Void pointers, isolated identifiers & more

Question

I don't know how to categorize this question precisely, so I'll just explain:

I was googling some stuff for an assignment, and I found what I was looking for, but among the results I checked, I found this one question where I saw so many things I didn't know of/understand: C++ Lambda capture private class member

//...
    bool dump_dvars()
    {
        fstream& refvar{ output_file };

        for_each(_array_start, _array_start + *_array_size,
            [&refvar](const void* dvar) -> void
        {
            //work with output_file
        });

        return true;
    }

private:
    void** _array_start;
    unsigned int* _array_size;
    fstream output_file;
};

I don't know what the specific names of each combination are, but I'd like to know what these do:

• fstream& refvar{ output_file };
• [&refvar]
• (const void* dvar)
• -> void
• void**
• unsigned int*

The ones concerning void; I was under the impression that void pointers should be avoided(oh hey, a pun :P), because I read things like the reply to this: List of pointers to different types of objects "Only use a void as a last and very,very dangerous solution."

So what's the use of having a pointer of type void, and a pointer-to-pointer of type void, and accessing the type "void" with lambda?? What does that even do? It's not a variable to fetch stored data from it, what is it accessing? And what would "output_file" do when it isn't assigned a type nor is it stored(so I guess it doesn't return anything, and it isn't returned so it doesn't look like a function), it doesn't have brackets so it doesn't need parameters - it's just an identifier standing there, what does it do? And what does it matter if your int-pointer is unsigned? Aren't all ints like a base class almost(I know int isn't a class) so you can point to another integer with any kind of int?

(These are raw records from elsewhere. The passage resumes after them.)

(* Let $R$ be an arbitrary unital associative ring and let $$ A=\left(\begin{array}{ccc} 1&1&1\\ 1&a&b\\ 1&c&d \end{array}\right)\in M_3(R) \quad \text{and}\quad B=\left(\begin{array}{cc} a-1&b-1\\ c-1&d-1 \end{array}\right)\in M_2(R). $$ Then $A$ is invertible if and only if $B$ is invertible. Moreover, if $B$ is invertible and $$ B^{-1}=\left(\begin{array}{cc} s&t\\ u&v \end{array}\right), $$ then the inverse of $A$ is given by the formula $$ A^{-1}=\left(\begin{array}{ccc} 1+s+t+u+v&-s-u&-t-v\\ -s-t&s&t\\ -u-v&u&v \end{array}\right). $$ Furthermore, if $a-1$, $b-1$, $c-1$ and $d-1$ are invertible, then $s$, $t$, $u$ and $v$ are given by $$ \begin{array}{ll} s=((a-1)-(b-1)(d-1)^{-1}(c-1))^{-1},&\ \ \ t=((c-1)-(d-1)(b-1)^{-1}(a-1))^{-1}, \\ u=((b-1)-(a-1)(c-1)^{-1}(d-1))^{-1},&\ \ \ v=((d-1)-(c-1)(a-1)^{-1}(b-1))^{-1} \end{array} $$ (thus providing an explicit expression of $A^{-1}$ in terms of $a$, $b$, $c$ and $d$).
   Context: $R$ is an arbitrary unital associative ring, $M_n(R)$ denotes $n\times n$ matrices over $R$. The matrix $A$ is a $3\times 3$ matrix whose first row and first column consist of $1$'s (i.e. $A$ lies in the set of $3\times 3$ matrices with all entries of the first row and first column equal to $1$). *)

From HB Require Import structures.
From mathcomp Require Import all_boot all_order all_algebra.
Set Implicit Arguments. Unset Strict Implicit. Unset Printing Implicit Defensive.
Import GRing.Theory.
Local Open Scope ring_scope.

Definition el_inverse (R : pzRingType) (x y : R) : Prop := x * y = 1 /\ y * x = 1.

Definition mx_inverse (R : pzRingType) (n : nat) (X Y : 'M[R]_n) : Prop :=
  X *m Y = 1%:M /\ Y *m X = 1%:M.

Definition mx_invertible (R : pzRingType) (n : nat) (X : 'M[R]_n) : Prop :=
  exists Y, mx_inverse X Y.

Definition mx3 (R : pzRingType) (x11 x12 x13 x21 x22 x23 x31 x32 x33 : R) : 'M[R]_3 :=
  \matrix_(i < 3, j < 3)
    nth 0 (nth [::] [:: [:: x11; x12; x13]; [:: x21; x22; x23]; [:: x31; x32; x33]] i) j.

Definition mx2 (R : pzRingType) (x11 x12 x21 x22 : R) : 'M[R]_2 :=
  \matrix_(i < 2, j < 2) nth 0 (nth [::] [:: [:: x11; x12]; [:: x21; x22]] i) j.

From HB Require Import structures.
From mathcomp Require Import all_boot all_order all_algebra.
Import GRing.Theory.
Local Open Scope ring_scope.

(* A = L * diag(1, B) * U, where L and U are the shears adding the first row
   (resp. column) to the others; so A and diag(1, B) are invertible together,
   and A^-1 = U^-1 * diag(1, B^-1) * L^-1 is the displayed matrix.  Each entry
   of B^-1 is the inverse of a Schur complement of a corner of B: e.g. from
   (c-1) s + (d-1) u = 0 we get (c-1) s = -(d-1) u, whence
   ((a-1) - (b-1)(d-1)^-1(c-1)) s = (a-1) s + (b-1) u = 1; the other corners
   follow by permuting the rows and columns of B. *)

Section Matrices.
Context {R : pzRingType}.
Implicit Types x y z w s t u v p q : R.

Lemma mulmx_mx3 (x11 x12 x13 x21 x22 x23 x31 x32 x33
                 y11 y12 y13 y21 y22 y23 y31 y32 y33 : R) :
  mx3 x11 x12 x13 x21 x22 x23 x31 x32 x33 *m mx3 y11 y12 y13 y21 y22 y23 y31 y32 y33 =
  mx3 (x11 * y11 + x12 * y21 + x13 * y31) (x11 * y12 + x12 * y22 + x13 * y32)
      (x11 * y13 + x12 * y23 + x13 * y33)
      (x21 * y11 + x22 * y21 + x23 * y31) (x21 * y12 + x22 * y22 + x23 * y32)
      (x21 * y13 + x22 * y23 + x23 * y33)
      (x31 * y11 + x32 * y21 + x33 * y31) (x31 * y12 + x32 * y22 + x33 * y32)
      (x31 * y13 + x32 * y23 + x33 * y33).
Proof.
apply/matrixP=> i j; rewrite /mx3 !mxE !big_ord_recr big_ord0 /= add0r !mxE /=.
by case: i j => [[|[|[|?]]] ?] [[|[|[|?]]] ?].
Qed.

Lemma mulmx_mx2 x11 x12 x21 x22 y11 y12 y21 y22 :
  mx2 x11 x12 x21 x22 *m mx2 y11 y12 y21 y22 =
  mx2 (x11 * y11 + x12 * y21) (x11 * y12 + x12 * y22)
      (x21 * y11 + x22 * y21) (x21 * y12 + x22 * y22).
Proof.
apply/matrixP=> i j; rewrite /mx2 !mxE !big_ord_recr big_ord0 /= add0r !mxE /=.
by case: i j => [[|[|?]] ?] [[|[|?]] ?].
Qed.

Lemma mx3_1 : mx3 1 0 0 0 1 0 0 0 1 = 1%:M :> 'M[R]_3.
Proof.
by apply/matrixP=> i j; rewrite /mx3 !mxE; case: i j => [[|[|[|?]]] ?] [[|[|[|?]]] ?].
Qed.

Lemma mx2_1 : mx2 1 0 0 1 = 1%:M :> 'M[R]_2.
Proof.
by apply/matrixP=> i j; rewrite /mx2 !mxE; case: i j => [[|[|?]] ?] [[|[|?]] ?].
Qed.

Lemma mx3E (X : 'M[R]_3) :
  let e i j := X (inord i) (inord j) in
  X = mx3 (e 0 0)%N (e 0 1)%N (e 0 2)%N (e 1 0)%N (e 1 1)%N (e 1 2)%N
          (e 2 0)%N (e 2 1)%N (e 2 2)%N.
Proof.
apply/matrixP=> i j; rewrite /mx3 !mxE.
by case: i j => [[|[|[|?]]] ?] [[|[|[|?]]] ?] //=; congr (X _ _); apply: val_inj;
  rewrite /= inordK.
Qed.

Lemma mx2E (X : 'M[R]_2) :
  let e i j := X (inord i) (inord j) in X = mx2 (e 0 0) (e 0 1) (e 1 0) (e 1 1).
Proof.
apply/matrixP=> i j; rewrite /mx2 !mxE.
by case: i j => [[|[|?]] ?] [[|[|?]] ?] //=; congr (X _ _); apply: val_inj;
  rewrite /= inordK.
Qed.

Lemma mx3_inj (x11 x12 x13 x21 x22 x23 x31 x32 x33
               y11 y12 y13 y21 y22 y23 y31 y32 y33 : R) :
  mx3 x11 x12 x13 x21 x22 x23 x31 x32 x33 = mx3 y11 y12 y13 y21 y22 y23 y31 y32 y33 ->
  [/\ [/\ x11 = y11, x12 = y12 & x13 = y13], [/\ x21 = y21, x22 = y22 & x23 = y23]
    & [/\ x31 = y31, x32 = y32 & x33 = y33]].
Proof.
move=> eqX; have e i j := congr1 (fun X : 'M[R]_3 => X (inord i) (inord j)) eqX.
move: (e 0 0)%N (e 0 1)%N (e 0 2)%N (e 1 0)%N (e 1 1)%N (e 1 2)%N
  (e 2 0)%N (e 2 1)%N (e 2 2)%N.
by rewrite /mx3 !mxE !inordK.
Qed.

Lemma mx2_inj x11 x12 x21 x22 y11 y12 y21 y22 :
  mx2 x11 x12 x21 x22 = mx2 y11 y12 y21 y22 ->
  [/\ x11 = y11, x12 = y12, x21 = y21 & x22 = y22].
Proof.
move=> eqX; have e i j := congr1 (fun X : 'M[R]_2 => X (inord i) (inord j)) eqX.
by move: (e 0 0)%N (e 0 1)%N (e 1 0)%N (e 1 1)%N; rewrite /mx2 !mxE !inordK.
Qed.

Lemma mx2_inverseE x y z w s t u v :
  mx_inverse (mx2 x y z w) (mx2 s t u v) <->
  [/\ x * s + y * u = 1, x * t + y * v = 0, z * s + w * u = 0 & z * t + w * v = 1] /\
  [/\ s * x + t * z = 1, s * y + t * w = 0, u * x + v * z = 0 & u * y + v * w = 1].
Proof.
rewrite /mx_inverse !mulmx_mx2 -mx2_1; split.
  by case=> /mx2_inj[? ? ? ?] /mx2_inj[? ? ? ?].
by case=> -[-> -> -> ->] [-> -> -> ->].
Qed.

Lemma mx_inverse_sym {n} {X Y : 'M[R]_n} : mx_inverse X Y -> mx_inverse Y X.
Proof. by case. Qed.

Lemma mx_inverse_mul {n} {X X' Y Y' : 'M[R]_n} :
  mx_inverse X X' -> mx_inverse Y Y' -> mx_inverse (X *m Y) (Y' *m X').
Proof.
move=> [XX' X'X] [YY' Y'Y]; split.
  by rewrite mulmxA -(mulmxA X) YY' mulmx1 XX'.
by rewrite mulmxA -(mulmxA Y') X'X mulmx1 Y'Y.
Qed.

Lemma mx_invertible_mulLR {n} {P P' Q Q' X : 'M[R]_n} :
  mx_inverse P P' -> mx_inverse Q Q' ->
  mx_invertible (P *m X *m Q) <-> mx_invertible X.
Proof.
move=> invP invQ; split=> -[Y invY].
  have -> : X = P' *m (P *m X *m Q) *m Q'.
    by rewrite !mulmxA invP.2 mul1mx -mulmxA invQ.1 mulmx1.
  exists (Q *m (Y *m P)).
  exact: mx_inverse_mul (mx_inverse_mul (mx_inverse_sym invP) invY) (mx_inverse_sym invQ).
by exists (Q' *m (Y *m P')); exact: mx_inverse_mul (mx_inverse_mul invP invY) invQ.
Qed.

Lemma mx2_inverse_swap_rows {x y z w s t u v} :
  mx_inverse (mx2 x y z w) (mx2 s t u v) -> mx_inverse (mx2 z w x y) (mx2 t s v u).
Proof.
move/mx2_inverseE=> -[[? ? ? ?] [? ? ? ?]].
by apply/mx2_inverseE; split; split; rewrite // addrC.
Qed.

Lemma mx2_inverse_swap_cols {x y z w s t u v} :
  mx_inverse (mx2 x y z w) (mx2 s t u v) -> mx_inverse (mx2 y x w z) (mx2 u v s t).
Proof. by move/mx_inverse_sym/mx2_inverse_swap_rows/mx_inverse_sym. Qed.

Lemma mx2_inverse_schur {x y z w s t u v w'} :
  mx_inverse (mx2 x y z w) (mx2 s t u v) -> el_inverse w w' ->
  el_inverse (x - y * w' * z) s.
Proof.
move/mx2_inverseE=> -[[xs_yu _ zs_wu _] [sx_tz sy_tw _ _]] [ww' w'w].
have zsE : z * s = - (w * u) by apply/eqP; rewrite -addr_eq0 zs_wu.
have syE : s * y = - (t * w) by apply/eqP; rewrite -addr_eq0 sy_tw.
split.
  by rewrite mulrBl -(mulrA (y * w')) zsE mulrN opprK mulrA -(mulrA y) w'w mulr1.
by rewrite mulrBr !mulrA syE !mulNr opprK -(mulrA t) ww' mulr1.
Qed.

Lemma mx_inverse_col_shear p q :
  mx_inverse (mx3 1 0 0 p 1 0 q 0 1) (mx3 1 0 0 (- p) 1 0 (- q) 0 1).
Proof.
rewrite /mx_inverse !mulmx_mx3 -mx3_1.
by split; congr mx3; rewrite !(mul0r, mulr0, mul1r, mulr1, add0r, addr0) ?addrN ?addNr.
Qed.

Lemma mx_inverse_row_shear p q :
  mx_inverse (mx3 1 p q 0 1 0 0 0 1) (mx3 1 (- p) (- q) 0 1 0 0 0 1).
Proof.
rewrite /mx_inverse !mulmx_mx3 -mx3_1.
by split; congr mx3; rewrite !(mul0r, mulr0, mul1r, mulr1, add0r, addr0) ?addrN ?addNr.
Qed.

Lemma mx_inverse_diag1 x y z w s t u v :
  mx_inverse (mx2 x y z w) (mx2 s t u v) ->
  mx_inverse (mx3 1 0 0 0 x y 0 z w) (mx3 1 0 0 0 s t 0 u v).
Proof.
move/mx2_inverseE=> -[[xs_yu xt_yv zs_wu zt_wv] [sx_tz sy_tw ux_vz uy_vw]].
by rewrite /mx_inverse !mulmx_mx3 -mx3_1 !(mul0r, mulr0, mul1r, mulr1, add0r, addr0)
  xs_yu xt_yv zs_wu zt_wv sx_tz sy_tw ux_vz uy_vw.
Qed.

Lemma mx_invertible_diag1 x y z w :
  mx_invertible (mx3 1 0 0 0 x y 0 z w) <-> mx_invertible (mx2 x y z w).
Proof.
split=> -[Y]; last by rewrite (mx2E Y) => /mx_inverse_diag1; eexists; eassumption.
rewrite (mx3E Y) /mx_inverse !mulmx_mx3 -mx3_1.
case=> /mx3_inj[_ [_ e11 e12] [_ e21 e22]] /mx3_inj[_ [_ f11 f12] [_ f21 f22]].
rewrite !(mul0r, add0r) in e11 e12 e21 e22; rewrite !(mulr0, add0r) in f11 f12 f21 f22.
by eexists; apply/mx2_inverseE; split; split; eassumption.
Qed.

Variables a b c d : R.

Lemma mx3_ones_factor :
  mx3 1 1 1 1 a b 1 c d =
  mx3 1 0 0 1 1 0 1 0 1 *m mx3 1 0 0 0 (a - 1) (b - 1) 0 (c - 1) (d - 1)
    *m mx3 1 1 1 0 1 0 0 0 1.
Proof.
by rewrite !mulmx_mx3; congr mx3;
  rewrite !(mul0r, mulr0, mul1r, mulr1, add0r, addr0) ?subrKC.
Qed.

Lemma mx3_ones_invertible :
  mx_invertible (mx3 1 1 1 1 a b 1 c d) <->
  mx_invertible (mx2 (a - 1) (b - 1) (c - 1) (d - 1)).
Proof.
rewrite mx3_ones_factor; apply: iff_trans (mx_invertible_diag1 _ _ _ _).
exact: mx_invertible_mulLR (mx_inverse_col_shear _ _) (mx_inverse_row_shear _ _).
Qed.

Lemma mx3_ones_inverse s t u v :
  mx_inverse (mx2 (a - 1) (b - 1) (c - 1) (d - 1)) (mx2 s t u v) ->
  mx_inverse (mx3 1 1 1 1 a b 1 c d)
    (mx3 (1 + s + t + u + v) (- s - u) (- t - v) (- s - t) s t (- u - v) u v).
Proof.
move/mx_inverse_diag1 => invM; rewrite mx3_ones_factor.
have := mx_inverse_mul (mx_inverse_mul (mx_inverse_col_shear 1 1) invM)
  (mx_inverse_row_shear 1 1).
congr mx_inverse; rewrite !mulmx_mx3; congr mx3;
  by rewrite !(mul0r, mulr0, mul1r, mulr1, mulN1r, mulrN1, add0r, addr0)
    ?opprD ?opprK ?addrA.
Qed.

End Matrices.

Theorem lemma5 (R : pzRingType) (a b c d : R) :
  let A := mx3 1 1 1 1 a b 1 c d in
  let B := mx2 (a - 1) (b - 1) (c - 1) (d - 1) in
  (mx_invertible A <-> mx_invertible B) /\
  (forall s t u v : R, mx_inverse B (mx2 s t u v) ->
     mx_inverse A (mx3 (1 + s + t + u + v) (- s - u) (- t - v)
                       (- s - t)           s         t
                       (- u - v)           u         v)) /\
  (forall s t u v : R, mx_inverse B (mx2 s t u v) ->
   forall ia ib ic id : R,
     el_inverse (a - 1) ia -> el_inverse (b - 1) ib ->
     el_inverse (c - 1) ic -> el_inverse (d - 1) id ->
     [/\ el_inverse ((a - 1) - (b - 1) * id * (c - 1)) s,
         el_inverse ((c - 1) - (d - 1) * ib * (a - 1)) t,
         el_inverse ((b - 1) - (a - 1) * ic * (d - 1)) u &
         el_inverse ((d - 1) - (c - 1) * ia * (b - 1)) v]).
Proof.
rewrite /=; split; first exact: mx3_ones_invertible.
split=> [|s t u v invB ia ib ic id inv_a inv_b inv_c inv_d]; first exact: mx3_ones_inverse.
split.
- exact: mx2_inverse_schur invB inv_d.
- exact: mx2_inverse_schur (mx2_inverse_swap_rows invB) inv_b.
- exact: mx2_inverse_schur (mx2_inverse_swap_cols invB) inv_c.
- exact: mx2_inverse_schur (mx2_inverse_swap_cols (mx2_inverse_swap_rows invB)) inv_a.
Qed.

All signed and unsigned integers have the same size when pointing to where in the memory it should be stored i.e. what address, it's just a question of what "direction" or value it will/can hold there.

EDIT:

Attempting to narrow the question down: How does accessing the type "void" work, and what does [&refvar] do?

Answer 1

fstream& refvar{ output_file };

Declares a local variable of type "reference to an fstream" and initializes it with a reference to the output_file member.

[&refvar]

Capture refvar for the lambda. In other words, the lambda stores a reference to refvar that can be accessed within the lambda body.

(const void* dvar)

The lambda argument list. This lambda can be called with a const void pointer (named dvar).

-> void

The lambda return type (void). Note that this "trailing return type" version is also possible for normal functions, but rarely used there.

The last ones are obvious pointer types.

As for "what do you do with the void pointer": Dereferencing the void pointer in C++

Answer 2

Although Max Langhof's answer is satisfactory, I want to explain this to myself for future use(and maybe someone else might find this explanation even more straightforward or useful):

1. fstream& refvar{ output_file };
2. [&refvar]
3. (const void* dvar)
4. -> void
5. void**
6. unsigned int*

Answers:

1. This actually returns the member variable "output_file" strangely enough(NOTE: if in doubt, try this in a small class).
2. This is part of a "lambda function", which is like a callback function in javascript. [&refvar] takes "refvar" from outside of the lambda function and gives a reference to it to be used inside of the lambda function, solves scope trouble.
3. A void-pointer can point to any kind of object(like Java's Object-type), but if you want it dereferenced, it can't do that, unless you type-cast it first to the desired type, and then dereference it. I still don't know why it was called dangerous though. Might have been that one-in-a-million situation where you have to.
4. -> void is the return type of the lambda function, the -> is just how it's written, nothing to do with accessing a member.
5. void** is, obviously, a void ptr-to-ptr, can be used the same way void* can be used, don't know if you have to type-cast it twice(once for each dereferencing, but try it out and see).
6. I'm not entirely sure why the array size pointer was unsigned, but if the array wants a larger size(quantities can only be positive or 0, so makes sense to have a positive limit as big as it can get) then it can get it, and maybe a signed pointer can't point to an unsigned pointer.